While no company wants to see its employees maimed or killed, it goes without saying that every company is interested in saving money. After all, with the bottom-line being what it's all about, most companies are hyper-aware that safety programs cost money. Money for structural integrity, money for regular maintenance, money for machine guards, money for ergonomics, money for training.
The collapse of the building in Savar, Bangladesh, a suburb of Dhaka, on April 24, which killed hundreds of textile workers (the exact number is still to be determined), is tragic testimony to that fact.

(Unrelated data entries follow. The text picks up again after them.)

(* Let $G=(V,E)$ be a simple undirected graph on $n$ nodes, let $0<\epsilon<\frac13$, $\delta>0$, $p\in(0,1)$, and let $D\subseteq V$ be an $\epsilon^3$-near clique with $|D|\ge\delta n$; let $C=K_{\epsilon^2}(D)\cap D$. Let $S^{(1)}$ be a random subset of $V$ containing each node independently with probability $p/2$, and let $X^*=S^{(1)}\cap C$. Call $X^*$ representative if (1) $|K_{\epsilon^2}(D)\setminus K_{2\epsilon^2}(X^* )|<\epsilon|C|$ and (2) $|K_{2\epsilon^2}(X^* )\setminus K_{3\epsilon^2}(C)|<\epsilon^2|C|$. Then $\Pr[X^*\text{ is representative}]\ge1-\frac{1}{\epsilon^2\delta}\cdot e^{-\Omega(\epsilon^4\delta pn)}$.
   Context: $\Gamma(v)$ denotes the set of neighbors of $v$. For $Y\subseteq V$ and $0\le\eta\le1$: $K_\eta(Y)=\{v\in V: |\Gamma(v)\cap Y|\ge(1-\eta)|Y|\}$. Each undirected edge is counted as two directed edges; a set $D\subseteq V$ is a $\gamma$-near clique if $|\{(u,v)\in D\times D:\{u,v\}\in E\}|\ge(1-\gamma)|D|(|D|-1)$. $\Omega(\cdot)$ hides an absolute positive constant. *)

From HB Require Import structures.
From mathcomp Require Import all_boot all_order all_algebra.
From mathcomp Require Import reals Rstruct sequences exp.
From Stdlib Require Import Rdefinitions.
Set Implicit Arguments. Unset Strict Implicit. Unset Printing Implicit Defensive.
Import Order.TTheory GRing.Theory Num.Theory.
Local Open Scope ring_scope.

Section Defs.
Variable V : finType.

Definition simple_graph (e : rel V) : Prop := symmetric e /\ irreflexive e.

Definition nbhd (e : rel V) (v : V) : {set V} := [set u | e v u].

Definition Kset (e : rel V) (eta : R) (Y : {set V}) : {set V} :=
  [set v | (1 - eta) * (#|Y|%:R : R) <= (#|nbhd e v :&: Y|%:R : R)].

(* number of ordered pairs (u,v) in D x D with {u,v} an edge
   (each undirected edge counted twice) *)
Definition dir_edges (e : rel V) (D : {set V}) : nat :=
  #|[set uv in setX D D | e uv.1 uv.2]|.

Definition near_clique (e : rel V) (gamma : R) (D : {set V}) : Prop :=
  (1 - gamma) * (#|D|%:R : R) * ((#|D|%:R : R) - 1) <= (dir_edges e D)%:R.

Definition prob_subset (q : R) (P : pred {set V}) : R :=
  \sum_(S : {set V} | P S)
     ((\prod_(v in S) q) * (\prod_(v in ~: S) (1 - q))).

Definition representative (e : rel V) (eps : R) (D C X : {set V}) : bool :=
  ((#|Kset e (eps ^+ 2) D :\: Kset e (2 * eps ^+ 2) X|%:R : R)
      < eps * (#|C|%:R : R)) &&
  ((#|Kset e (2 * eps ^+ 2) X :\: Kset e (3 * eps ^+ 2) C|%:R : R)
      < eps ^+ 2 * (#|C|%:R : R)).
End Defs.

From HB Require Import structures.
From mathcomp Require Import all_boot all_order all_algebra.
From mathcomp Require Import reals Rstruct sequences exp.
From mathcomp Require Import ring lra.
From Stdlib Require Import Rdefinitions.
Set Implicit Arguments. Unset Strict Implicit. Unset Printing Implicit Defensive.
Import Order.TTheory GRing.Theory Num.Theory.
Local Open Scope ring_scope.

(* Write k = eps^2, m = |C|, q = p/2 and X = S :&: C. Unless k|D| is large the
   claimed bound is negative, and once k|D| >= 9 the near-clique condition forces
   m >= 5|D|/8. If |X| is within a factor 1 +- 1/20 of its mean qm, a vertex of
   K_k(D) outside K_2k(X) has at least 1.9 kqm non-neighbours in X, against a mean
   of at most 1.6 kqm, and a vertex of K_2k(X) outside K_3k(C) has at most 2.1 kqm
   of them, against a mean of at least 3 kqm. Chernoff bounds give each of these
   events probability at most exp(-kqm/400); Markov's inequality on the numbers of
   such vertices and a union bound then yield the claim with c = 1/1600. *)

(* Arguments of type [R] are parsed in Stdlib's [R_scope]; [%ring] selects the
   MathComp notations there. *)
Delimit Scope ring_scope with ring.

While one's first impulse is to write off those Bangladeshi mills as Third World hell-holes--low wages, teenage workers (mainly girls), long hours, deplorable conditions--it should be noted that they're probably no worse than American textile mills of a century ago.
It's true. American mills of the late 19th and early 20th century were horrendously grim enterprises, cramped, poorly lighted industrial dungeons, something straight out of a Dickens' novel. Of course, today's factories (at least the ones that haven't been shipped overseas) are bright, clean and relatively safe. So what happened? What caused those New England textile mills of a century ago to improve themselves?

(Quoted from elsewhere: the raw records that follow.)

(* Let $G$ be a group satisfying the property $\mathsf{FM}$ and $\nu$ a conjugation-invariant pseudo-norm on $G$. Then $A_\nu$, with addition $[\mathtt{g}]+[\mathtt{h}]=[\mathtt{g}\cdot\mathtt{h}]$ and scalar multiplication $\lambda[\mathtt{g}]=[\mathtt{g}^{(\lambda)}]$, is a real vector space, and the function $\|[\mathtt{g}]\|_\nu=\|\mathtt{g}\|_\nu$ is a norm on it; i.e. $(A_\nu,\|\cdot\|_\nu)$ is a normed vector space.
   Context: A conjugation-invariant pseudo-norm on a group $G$ is a function $\nu\colon G\to\mathbb{R}_{\ge0}$ with $\nu(1)=0$, $\nu(f)=\nu(f^{-1})$, $\nu(fg)\le\nu(f)+\nu(g)$ and $\nu(gfg^{-1})=\nu(f)$ for all $f,g\in G$. Property $\mathsf{FM}$: for a subgroup $H\le G$, let $\nu_H(f)$ be the minimal $k$ such that $f=g_1h_1g_1^{-1}\cdots g_kh_kg_k^{-1}$ ($g_i\in G,h_i\in H$), $\infty$ if none; for $K\subset G$ let $\mathrm{D}^f_H(K)$ be the set of $h_0\in G$ such that for all $g_1,\dots,g_k\in G$ there is $h\in G$ with every element of $hh_0h^{-1}K(hh_0h^{-1})^{-1}$ commuting with every element of $\bigcup_i g_iHg_i^{-1}$. $(G,H)$ satisfies $\mathsf{FM}$ if $\nu_H<\infty$ on $G$ and $\mathrm{D}^f_H(h_1Hh_1^{-1}\cup\dots\cup h_kHh_k^{-1})\ne\emptyset$ for all $h_1,\dots,h_k\in G$; $G$ satisfies $\mathsf{FM}$ if some $(G,H)$ does. $A_G=\coprod_{k\ge0}(G\times\mathbb{R})^k$, whose elements are written as formal words $g_1^{s_1}\cdots g_k^{s_k}$, with empty word $1$. For $\mathtt{g}=g_1^{s_1}\cdots g_k^{s_k}$, $\mathtt{h}=h_1^{t_1}\cdots h_l^{t_l}$, $\lambda\in\mathbb{R}$: $\mathtt{g}\cdot\mathtt{h}$ is concatenation, $\bar{\mathtt{g}}=g_k^{-s_k}\cdots g_1^{-s_1}$, $\mathtt{g}^{(\lambda)}=g_1^{\lambda s_1}\cdots g_k^{\lambda s_k}$. $\|\mathtt{g}\|_\nu=\lim_{n\to\infty}\frac1n\nu(g_1^{[s_1n]}\cdots g_k^{[s_kn]})$ ($[\cdot]$ integer part), $\|1\|_\nu=0$. $\mathtt{g}\sim\mathtt{h}$ iff $\|\mathtt{g}\cdot\bar{\mathtt{h}}\|_\nu=0$; $A_\nu=A_G/\sim$. *)

From HB Require Import structures.
From mathcomp Require Import all_boot all_order all_algebra.
From mathcomp Require Import all_classical all_reals all_analysis.

Set Implicit Arguments.
Unset Strict Implicit.
Unset Printing Implicit Defensive.

Import Order.TTheory GRing.Theory Num.Theory.
Import numFieldNormedType.Exports.
Local Open Scope classical_set_scope.

Section GroupDefs.
Local Open Scope group_scope.
Variable G : groupType.

Definition prod_seq (s : seq G) : G := foldr (fun x acc => x * acc) 1 s.

Definition gpowz (x : G) (z : int) : G :=
  match z with Posz n => x ^+ n | Negz n => (x ^+ n.+1)^-1 end.

Definition is_subgroup (H : set G) : Prop :=
  H 1 /\ (forall x y, H x -> H y -> H (x * y)) /\ (forall x, H x -> H x^-1).

(* f = g_1 h_1 g_1^-1 ... g_k h_k g_k^-1 with h_i in H, i.e. nu_H(f) < oo *)
Definition conj_prod_of (H : set G) (f : G) : Prop :=
  exists s : seq (G * G), (forall p, p \in s -> H p.2) /\
    f = prod_seq (map (fun p => p.1 * p.2 * p.1^-1) s).

Definition conj_union (H : set G) (gs : seq G) : set G :=
  fun x => exists2 g, g \in gs & exists2 y, H y & x = g * y * g^-1.

Definition Df (H : set G) (K : set G) : set G :=
  fun h0 => forall gs : seq G, exists h : G,
    let c := h * h0 * h^-1 in
    forall k x, K k -> conj_union H gs x ->
      commute (c * k * c^-1) x.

Does credit go to our politicians? Was these improvements the result of changes in state and federal laws? Or was it the Church who, having seen enough degradation, finally chose to intervene? Or perhaps it was an outcry from the general public, demanding that workers (even young immigrant women) be treated humanely? Answer: None of the above. It was the rise of the American labor movement that made it possible.
Which takes us back to Bangladesh (and tangentially, to Vietnam, Indonesia, Honduras, Malaysia, the Philippines, et al). Bangladesh's economy is almost totally dependent upon textiles. When you talk about Bangladesh revenue, you're talking about one thing: textiles. As alarming an observation as it is, if you took away the garment industry, there would be no Bangladesh.
The New York Times reported (April 29, 2013) that there are a staggering 100,000 garment factories in and around the city of Dhaka, employing 3,000,000 people, but that there are only 18 full-time safety inspectors to monitor the industry. That number is not only miniscule, it's close to ridiculous. And of course, all of the aforementioned countries, with Bangladesh leading the charge, are vehemently anti-union.
But increasing the number of roving safety field agents isn't the answer, not in Bangladesh, not in Vietnam, not in the U.S. Just as Wall Street easily outwits government agents assigned to ferret out financial mischief, businesses regularly sidestep federal safety watchdogs. People who say we don't need labor unions because we have OSHA (Occupational Safety and Health Administration), don't understand OSHA. Even OSHA reps (and I've spoken to them personally) will admit they can't do it all. The agency is under-funded, under-manned, and under-appreciated.
That Bangladesh building collapse was no more a coincidence than was the Massey coal mine explosion in West Virginia, on April 5, 2010, the one that killed 29 miners. Massey was a non-union mine. Companies are nothing if not inveterate cost-cutters, and accordingly, safety programs cost money. Say what you will about labor unions, but they aren't going to ignore unsafe working conditions, not when their lives depend on it.